▸ **Exercise objective**: When a line of the entries contains the word "have", report that line.

▸ **Data for review**:
(* In the While-language extended with non-deterministic input, for every command $c$ and store $\sigma$: $(c,\sigma)\to^\infty$ if and only if for every store $\sigma'$, $(c,\sigma,\Downarrow)\Rightarrow^{co}_G\sigma',\Uparrow$.
   Context: Extended While-language syntax: variables $x$ range over a countably infinite set $\mathit{Var}$; $n$ ranges over natural numbers; values are $v ::= \mathsf{null}\mid n$ ($\mathsf{null}$ distinct from every natural number); expressions are $e ::= v\mid x\mid e_1\oplus e_2\mid\mathsf{input}$ with $\oplus\in\{+,-,*\}$, where $\oplus(n_1,n_2)$ is the result of the operation on naturals; commands are $c ::= \mathsf{skip}\mid\mathsf{alloc}\ x\mid x:=e\mid c_1;c_2\mid \mathsf{if}\ e\ c_1\ c_2\mid\mathsf{while}\ e\ c$. A store $\sigma$ is a finite partial map from $\mathit{Var}$ to values, with domain $\mathrm{dom}(\sigma)$, lookup $\sigma(x)$, update $\sigma[x\mapsto v]$. Expression evaluation $(e,\sigma)\Rightarrow_E v$ is the least relation with: $(v,\sigma)\Rightarrow_E v$; $(x,\sigma)\Rightarrow_E\sigma(x)$ if $x\in\mathrm{dom}(\sigma)$; if $(e_1,\sigma)\Rightarrow_E n_1$ and $(e_2,\sigma)\Rightarrow_E n_2$ with $n_1,n_2$ naturals then $(e_1\oplus e_2,\sigma)\Rightarrow_E\oplus(n_1,n_2)$; and $(\mathsf{input},\sigma)\Rightarrow_E v$ for every value $v$. Small-step relation $(c,\sigma)\to(c',\sigma')$ is the least relation with: $(\mathsf{alloc}\ x,\sigma)\to(\mathsf{skip},\sigma[x\mapsto\mathsf{null}])$ if $x\notin\mathrm{dom}(\sigma)$; $(x:=e,\sigma)\to(\mathsf{skip},\sigma[x\mapsto v])$ if $x\in\mathrm{dom}(\sigma)$ and $(e,\sigma)\Rightarrow_E v$; $(c_1;c_2,\sigma)\to(c_1';c_2,\sigma')$ if $(c_1,\sigma)\to(c_1',\sigma')$; $(\mathsf{skip};c_2,\sigma)\to(c_2,\sigma)$; $(\mathsf{if}\ e\ c_1\ c_2,\sigma)\to(c_1,\sigma)$ if $(e,\sigma)\Rightarrow_E v$, $v\neq 0$; $(\mathsf{if}\ e\ c_1\ c_2,\sigma)\to(c_2,\sigma)$ if $(e,\sigma)\Rightarrow_E 0$; $(\mathsf{while}\ e\ c,\sigma)\to(c;\mathsf{while}\ e\ c,\sigma)$ if $(e,\sigma)\Rightarrow_E v$, $v\neq0$; $(\mathsf{while}\ e\ c,\sigma)\to(\mathsf{skip},\sigma)$ if $(e,\sigma)\Rightarrow_E 0$. The predicate $(c,\sigma)\to^\infty$ is coinductively defined (greatest predicate) by: if $(c,\sigma)\to(c',\sigma')$ and $(c',\sigma')\to^\infty$ then $(c,\sigma)\to^\infty$. Flag-based big-step semantics: status flags $\delta ::= \Downarrow\mid\Uparrow$. Expression evaluation $(e,\sigma,\delta)\Rightarrow_{GE}v,\delta'$ is the least relation with: $(v,\sigma,\Downarrow)\Rightarrow_{GE}v,\Downarrow$; $(x,\sigma,\Downarrow)\Rightarrow_{GE}\sigma(x),\Downarrow$ if $x\in\mathrm{dom}(\sigma)$; if $(e_1,\sigma,\Downarrow)\Rightarrow_{GE}n_1,\delta$ and $(e_2,\sigma,\delta)\Rightarrow_{GE}n_2,\delta'$ ($n_1,n_2$ naturals) then $(e_1\oplus e_2,\sigma,\Downarrow)\Rightarrow_{GE}\oplus(n_1,n_2),\delta'$; $(\mathsf{input},\sigma,\Downarrow)\Rightarrow_{GE}v,\Downarrow$ for every value $v$; and $(e,\sigma,\Uparrow)\Rightarrow_{GE}v,\Uparrow$ for every value $v$. The command rules for judgments $(c,\sigma,\delta)\Rightarrow_G\sigma',\delta'$ are: $(\mathsf{skip},\sigma,\Downarrow)\Rightarrow_G\sigma,\Downarrow$; $(\mathsf{alloc}\ x,\sigma,\Downarrow)\Rightarrow_G\sigma[x\mapsto\mathsf{null}],\Downarrow$ if $x\notin\mathrm{dom}(\sigma)$; $(x:=e,\sigma,\Downarrow)\Rightarrow_G\sigma[x\mapsto v],\delta$ if $x\in\mathrm{dom}(\sigma)$ and $(e,\sigma,\Downarrow)\Rightarrow_{GE}v,\delta$; $(c_1;c_2,\sigma,\Downarrow)\Rightarrow_G\sigma'',\delta'$ if $(c_1,\sigma,\Downarrow)\Rightarrow_G\sigma',\delta$ and $(c_2,\sigma',\delta)\Rightarrow_G\sigma'',\delta'$; $(\mathsf{if}\ e\ c_1\ c_2,\sigma,\Downarrow)\Rightarrow_G\sigma',\delta'$ if $v\ne0$, $(e,\sigma,\Downarrow)\Rightarrow_{GE}v,\delta$ and $(c_1,\sigma,\delta)\Rightarrow_G\sigma',\delta'$; $(\mathsf{if}\ e\ c_1\ c_2,\sigma,\Downarrow)\Rightarrow_G\sigma',\delta'$ if $(e,\sigma,\Downarrow)\Rightarrow_{GE}0,\delta$ and $(c_2,\sigma,\delta)\Rightarrow_G\sigma',\delta'$; $(\mathsf{while}\ e\ c,\sigma,\Downarrow)\Rightarrow_G\sigma'',\delta''$ if $(e,\sigma,\Downarrow)\Rightarrow_{GE}v,\delta$, $v\ne0$, $(c,\sigma,\delta)\Rightarrow_G\sigma',\delta'$ and $(\mathsf{while}\ e\ c,\sigma',\delta')\Rightarrow_G\sigma'',\delta''$; $(\mathsf{while}\ e\ c,\sigma,\Downarrow)\Rightarrow_G\sigma,\delta$ if $(e,\sigma,\Downarrow)\Rightarrow_{GE}0,\delta$; $(c,\sigma,\Uparrow)\Rightarrow_G\sigma',\Uparrow$ for every store $\sigma'$. $\Rightarrow^{co}_G$ is the coinductive interpretation of these command rules (greatest relation such that every element is the conclusion of a rule instance whose command premises lie in it). *)

From HB Require Import structures.
From mathcomp Require Import all_boot.
From mathcomp Require Import finmap.

Set Implicit Arguments.
Unset Strict Implicit.
Unset Printing Implicit Defensive.

Local Open Scope fmap_scope.

Definition var := nat.

Inductive value : Type := VNull | VNat (n : nat).

Definition value_to_opt (v : value) : option nat :=
  match v with VNull => None | VNat n => Some n end.
Definition opt_to_value (o : option nat) : value :=
  match o with None => VNull | Some n => VNat n end.
Lemma value_optK : cancel value_to_opt opt_to_value.
Proof. by case. Qed.
HB.instance Definition _ := Countable.copy value (can_type value_optK).

(** Binary operators on naturals: +, - (truncated), *. *)
Inductive binop : Type := OPlus | OMinus | OMult.

Definition eval_op (o : binop) (n1 n2 : nat) : nat :=
  match o with
  | OPlus => n1 + n2
  | OMinus => n1 - n2
  | OMult => n1 * n2
  end.

Inductive expr : Type :=
  | EVal (v : value)
  | EVar (x : var)
  | EOp (o : binop) (e1 e2 : expr)
  | EInput.

Inductive cmd : Type :=
  | CSkip
  | CAlloc (x : var)
  | CAssign (x : var) (e : expr)
  | CSeq (c1 c2 : cmd)
  | CIf (e : expr) (c1 c2 : cmd)
  | CWhile (e : expr) (c : cmd).

Definition store := {fmap var -> value}.

Inductive eval_expr : expr -> store -> value -> Prop :=
  | EE_val v s : eval_expr (EVal v) s v
  | EE_var x s (Hx : x \in domf s) : eval_expr (EVar x) s (s.[Hx])
  | EE_op o e1 e2 s n1 n2 :
      eval_expr e1 s (VNat n1) -> eval_expr e2 s (VNat n2) ->
      eval_expr (EOp o e1 e2) s (VNat (eval_op o n1 n2))
  | EE_input s v : eval_expr EInput s v.

Inductive step : cmd -> store -> cmd -> store -> Prop :=
  | S_alloc x s : x \notin domf s -> step (CAlloc x) s CSkip s.[x <- VNull]
  | S_assign x e s v : x \in domf s -> eval_expr e s v ->
      step (CAssign x e) s CSkip s.[x <- v]
  | S_seq c1 c1' c2 s s' : step c1 s c1' s' -> step (CSeq c1 c2) s (CSeq c1' c2) s'
  | S_seq_skip c2 s : step (CSeq CSkip c2) s c2 s
  | S_if_true e c1 c2 s v : eval_expr e s v -> v <> VNat 0 -> step (CIf e c1 c2) s c1 s
  | S_if_false e c1 c2 s : eval_expr e s (VNat 0) -> step (CIf e c1 c2) s c2 s
  | S_while_true e c s v : eval_expr e s v -> v <> VNat 0 ->
      step (CWhile e c) s (CSeq c (CWhile e c)) s
  | S_while_false e c s : eval_expr e s (VNat 0) -> step (CWhile e c) s CSkip s.

CoInductive diverges : cmd -> store -> Prop :=
  | Div c s c' s' : step c s c' s' -> diverges c' s' -> diverges c s.

(** Status flags: Conv = ⇓ (normal), Div = ⇑ (diverged). *)
Inductive flag : Type := FConv | FDiv.

Inductive geval_expr : expr -> store -> flag -> value -> flag -> Prop :=
  | GE_val v s : geval_expr (EVal v) s FConv v FConv
  | GE_var x s (Hx : x \in domf s) : geval_expr (EVar x) s FConv (s.[Hx]) FConv
  | GE_op o e1 e2 s n1 n2 d d' :
      geval_expr e1 s FConv (VNat n1) d -> geval_expr e2 s d (VNat n2) d' ->
      geval_expr (EOp o e1 e2) s FConv (VNat (eval_op o n1 n2)) d'
  | GE_input s v : geval_expr EInput s FConv v FConv
  | GE_div e s v : geval_expr e s FDiv v FDiv.

CoInductive cogeval : cmd -> store -> flag -> store -> flag -> Prop :=
  | G_skip s : cogeval CSkip s FConv s FConv
  | G_alloc x s : x \notin domf s -> cogeval (CAlloc x) s FConv s.[x <- VNull] FConv
  | G_assign x e s v d : x \in domf s -> geval_expr e s FConv v d ->
      cogeval (CAssign x e) s FConv s.[x <- v] d
  | G_seq c1 c2 s s' s'' d d' :
      cogeval c1 s FConv s' d -> cogeval c2 s' d s'' d' ->
      cogeval (CSeq c1 c2) s FConv s'' d'
  | G_if_true e c1 c2 s s' v d d' :
      v <> VNat 0 -> geval_expr e s FConv v d -> cogeval c1 s d s' d' ->
      cogeval (CIf e c1 c2) s FConv s' d'
  | G_if_false e c1 c2 s s' d d' :
      geval_expr e s FConv (VNat 0) d -> cogeval c2 s d s' d' ->
      cogeval (CIf e c1 c2) s FConv s' d'
  | G_while_true e c s s' s'' v d d' d'' :
      geval_expr e s FConv v d -> v <> VNat 0 -> cogeval c s d s' d' ->
      cogeval (CWhile e c) s' d' s'' d'' ->
      cogeval (CWhile e c) s FConv s'' d''
  | G_while_false e c s d :
      geval_expr e s FConv (VNat 0) d -> cogeval (CWhile e c) s FConv s d
  | G_div c s s' : cogeval c s FDiv s' FDiv.

(* A diverging run yields a co-derivation ending in ⇑ by guarded corecursion: a diverging run
   of [c1; c2] either stays inside [c1] forever, or runs [c1] to completion and then diverges in
   [c2] (a classical case split, as the two are not decidable); the terminating run of [c1] is
   turned into a ⇓-derivation by subject expansion, and the final store is arbitrary because the
   rule for ⇑ accepts every store.
   Conversely, a co-derivation from ⇓ to ⇑ can never be the skip axiom, so inverting it always
   exhibits one small step together with a co-derivation from ⇓ to ⇑ for the residual
   configuration, which is exactly the coinduction step for divergence. *)
From mathcomp Require Import all_boot.
From mathcomp Require Import finmap.
From Stdlib Require Import Classical.

Set Implicit Arguments.
Unset Strict Implicit.
Unset Printing Implicit Defensive.
Local Open Scope fmap_scope.

Lemma geval_expr_conv e s f v d :
  geval_expr e s f v d -> f = FConv -> d = FConv /\ eval_expr e s v.
Proof.
elim=> {e s f v d} [v s|x s Hx|o e1 e2 s n1 n2 d d' _ IH1 _ IH2|s v|//] _.
- by split; constructor.
- by split; constructor.
- have [Ed Hv1] := IH1 erefl; subst d.
  have [-> Hv2] := IH2 erefl.
  by split; last exact: EE_op.
- by split; constructor.
Qed.

Lemma eval_geval_expr e s v : eval_expr e s v -> geval_expr e s FConv v FConv.
Proof. by elim=> *; econstructor; eauto. Qed.

Ltac conv_guards :=
  repeat match goal with
  | Hg : geval_expr _ _ FConv _ _ |- _ =>
      case: (geval_expr_conv Hg erefl) => ? ?; subst; clear Hg
  end.

Lemma cogeval_div c s s' d : cogeval c s FDiv s' d -> d = FDiv.
Proof. by inversion 1. Qed.

Lemma cogeval_conv_progress c s s' d :
  cogeval c s FConv s' d ->
  [/\ c = CSkip, s' = s & d = FConv] \/
  exists c' s1, step c s c' s1 /\ cogeval c' s1 FConv s' d.
Proof.
elim: c s s' d => [|x|x e|c1 IH1 c2 _|e c1 _ c2 _|e c _] s s' d H;
  inversion H; subst; conv_guards; [by left | right ..].
- by exists CSkip, s.[x <- VNull]; split; constructor.
- by exists CSkip, s.[x <- v]; split; [exact: S_assign | constructor].
- have [[-> ? ?] | [c1' [s1 [Hst Hc1']]]] := IH1 _ _ _ ltac:(eassumption).
  + by subst; exists c2, s; split; [constructor |].
  + exists (CSeq c1' c2), s1; split; first exact: S_seq.
    by apply: G_seq Hc1' _.
- by exists c1, s; split; first by apply: S_if_true; eassumption.
- by exists c2, s; split; first exact: S_if_false.
- exists (CSeq c (CWhile e c)), s; split; first by apply: S_while_true; eassumption.
  by apply: G_seq; eassumption.
- by exists CSkip, s'; split; [exact: S_while_false | constructor].
Qed.

Lemma cogeval_div_diverges c s s' : cogeval c s FConv s' FDiv -> diverges c s.
Proof.
move: c s; cofix CIH => c s H.
case: (cogeval_conv_progress H) => [[_ _ //] | [c' [s1 [Hst Hc']]]].
exact: Div Hst (CIH _ _ Hc').
Qed.

Inductive steps : cmd -> store -> cmd -> store -> Prop :=
  | steps_refl c s : steps c s c s
  | steps_step c s c' s' c'' s'' :
      step c s c' s' -> steps c' s' c'' s'' -> steps c s c'' s''.

Lemma step_cogeval_conv c s c' s' s'' :
  step c s c' s' -> cogeval c' s' FConv s'' FConv -> cogeval c s FConv s'' FConv.
Proof.
move=> Hst; elim: Hst s'' => {c s c' s'}
  [x s Hx|x e s v Hx Hv|c1 c1' c2 s s' _ IH|c2 s|e c1 c2 s v Hv Hn|e c1 c2 s Hv
  |e c s v Hv Hn|e c s Hv] s'' H.
- by inversion H; apply: G_alloc.
- by inversion H; apply: G_assign Hx (eval_geval_expr Hv).
- inversion H as [| | |? ? ? s1 ? d ? Hc1 Hc2| | | | |]; subst.
  by case: d Hc1 Hc2 => [Hc1 Hc2 | _ /cogeval_div]; first exact: G_seq (IH _ Hc1) Hc2.
- by apply: G_seq H; constructor.
- exact: G_if_true Hn (eval_geval_expr Hv) H.
- exact: G_if_false (eval_geval_expr Hv) H.
- inversion H as [| | |? ? ? s1 ? d ? Hc Hw| | | | |]; subst.
  case: d Hc Hw => [Hc Hw | _ /cogeval_div //].
  exact: G_while_true (eval_geval_expr Hv) Hn Hc Hw.
- by inversion H; subst; apply: G_while_false; apply: eval_geval_expr.
Qed.

Lemma steps_skip_cogeval_conv c s s' :
  steps c s CSkip s' -> cogeval c s FConv s' FConv.
Proof.
move Ek: CSkip => k H; elim: H Ek => [c0 s0 <-|c0 s0 c1 s1 c2 s2 Hst _ IH Ek].
- exact: G_skip.
- exact: step_cogeval_conv Hst (IH Ek).
Qed.

Lemma diverges_skip s : ~ diverges CSkip s.
Proof. by inversion 1 as [? ? c' s' Hst]; inversion Hst. Qed.

Lemma not_diverges_step_skip c s :
  (forall c' s', step c s c' s' -> c' = CSkip) -> ~ diverges c s.
Proof.
move=> Hskip; inversion 1 as [? ? c' s' Hst Hd]; subst.
by rewrite (Hskip _ _ Hst) in Hd; apply: diverges_skip Hd.
Qed.

Lemma diverges_if e c1 c2 s : diverges (CIf e c1 c2) s ->
  (exists2 v, eval_expr e s v /\ v <> VNat 0 & diverges c1 s) \/
  eval_expr e s (VNat 0) /\ diverges c2 s.
Proof.
inversion 1 as [? ? c' s' Hst Hd]; inversion Hst; subst.
- by left; exists v.
- by right.
Qed.

Lemma diverges_while e c s : diverges (CWhile e c) s ->
  exists2 v, eval_expr e s v /\ v <> VNat 0 & diverges (CSeq c (CWhile e c)) s.
Proof.
inversion 1 as [? ? c' s' Hst Hd]; inversion Hst; subst; first by exists v.
by case: (diverges_skip Hd).
Qed.

Lemma diverges_seq_inv c1 c2 s : diverges (CSeq c1 c2) s ->
  c1 = CSkip /\ diverges c2 s \/
  exists c1' s', step c1 s c1' s' /\ diverges (CSeq c1' c2) s'.
Proof.
inversion 1 as [? ? c' s' Hst Hd]; inversion Hst; subst.
- by right; exists c1', s'.
- by left.
Qed.

Lemma diverges_seq_left c1 c2 s : diverges (CSeq c1 c2) s ->
  ~ (exists s1, steps c1 s CSkip s1 /\ diverges c2 s1) -> diverges c1 s.
Proof.
move: c1 s; cofix CIH => c1 s H Hnot.
case: (diverges_seq_inv H) => [[Ec1 Hd] | [c1' [s' [Hst Hd]]]].
- by case: Hnot; exists s; rewrite Ec1; split; first exact: steps_refl.
- apply: (Div Hst); apply: (CIH _ _ Hd) => -[s1 [Hs1 Hd2]].
  by apply: Hnot; exists s1; split; first exact: steps_step Hst Hs1.
Qed.

Lemma diverges_seq c1 c2 s : diverges (CSeq c1 c2) s ->
  diverges c1 s \/ exists s1, steps c1 s CSkip s1 /\ diverges c2 s1.
Proof.
move=> H; have [Hrun | Hnot] := classic (exists s1, steps c1 s CSkip s1 /\ diverges c2 s1).
- by right.
- by left; exact: diverges_seq_left H Hnot.
Qed.

Lemma diverges_cogeval_div c s : diverges c s -> forall s', cogeval c s FConv s' FDiv.
Proof.
move: c s; cofix CIH => c s H s'.
case: c H => [|x|x e|c1 c2|e c1 c2|e c] H.
1-3: by exfalso; apply: (not_diverges_step_skip _ H) => c' s1 Hst; inversion Hst.
- case: (diverges_seq H) => [H1 | [s1 [Hs1 Hd2]]].
  + exact: G_seq (CIH _ _ H1 s') (G_div _ _ _).
  + exact: G_seq (steps_skip_cogeval_conv Hs1) (CIH _ _ Hd2 s').
- case: (diverges_if H) => [[v [Hv Hn] Hd1] | [Hv Hd2]].
  + exact: G_if_true Hn (eval_geval_expr Hv) (CIH _ _ Hd1 s').
  + exact: G_if_false (eval_geval_expr Hv) (CIH _ _ Hd2 s').
- case: (diverges_while H) => v [Hv Hn] Hd.
  case: (diverges_seq Hd) => [Hbody | [s1 [Hs1 Hloop]]].
  + exact: G_while_true (eval_geval_expr Hv) Hn (CIH _ _ Hbody s) (G_div _ _ _).
  + exact: G_while_true (eval_geval_expr Hv) Hn (steps_skip_cogeval_conv Hs1)
      (CIH _ _ Hloop s').
Qed.

Theorem theorem27 (c : cmd) (s : store) :
  diverges c s <-> (forall s' : store, cogeval c s FConv s' FDiv).
Proof.
split; first exact: diverges_cogeval_div.
by move/(_ [fmap]); apply: cogeval_div_diverges.
Qed.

▸ **Expected answer**:
- have [Ed Hv1] := IH1 erefl; subst d.
  have [-> Hv2] := IH2 erefl.
- have [[-> ? ?] | [c1' [s1 [Hst Hc1']]]] := IH1 _ _ _ ltac:(eassumption).
move=> H; have [Hrun | Hnot] := classic (exists s1, steps c1 s CSkip s1 /\ diverges c2 s1).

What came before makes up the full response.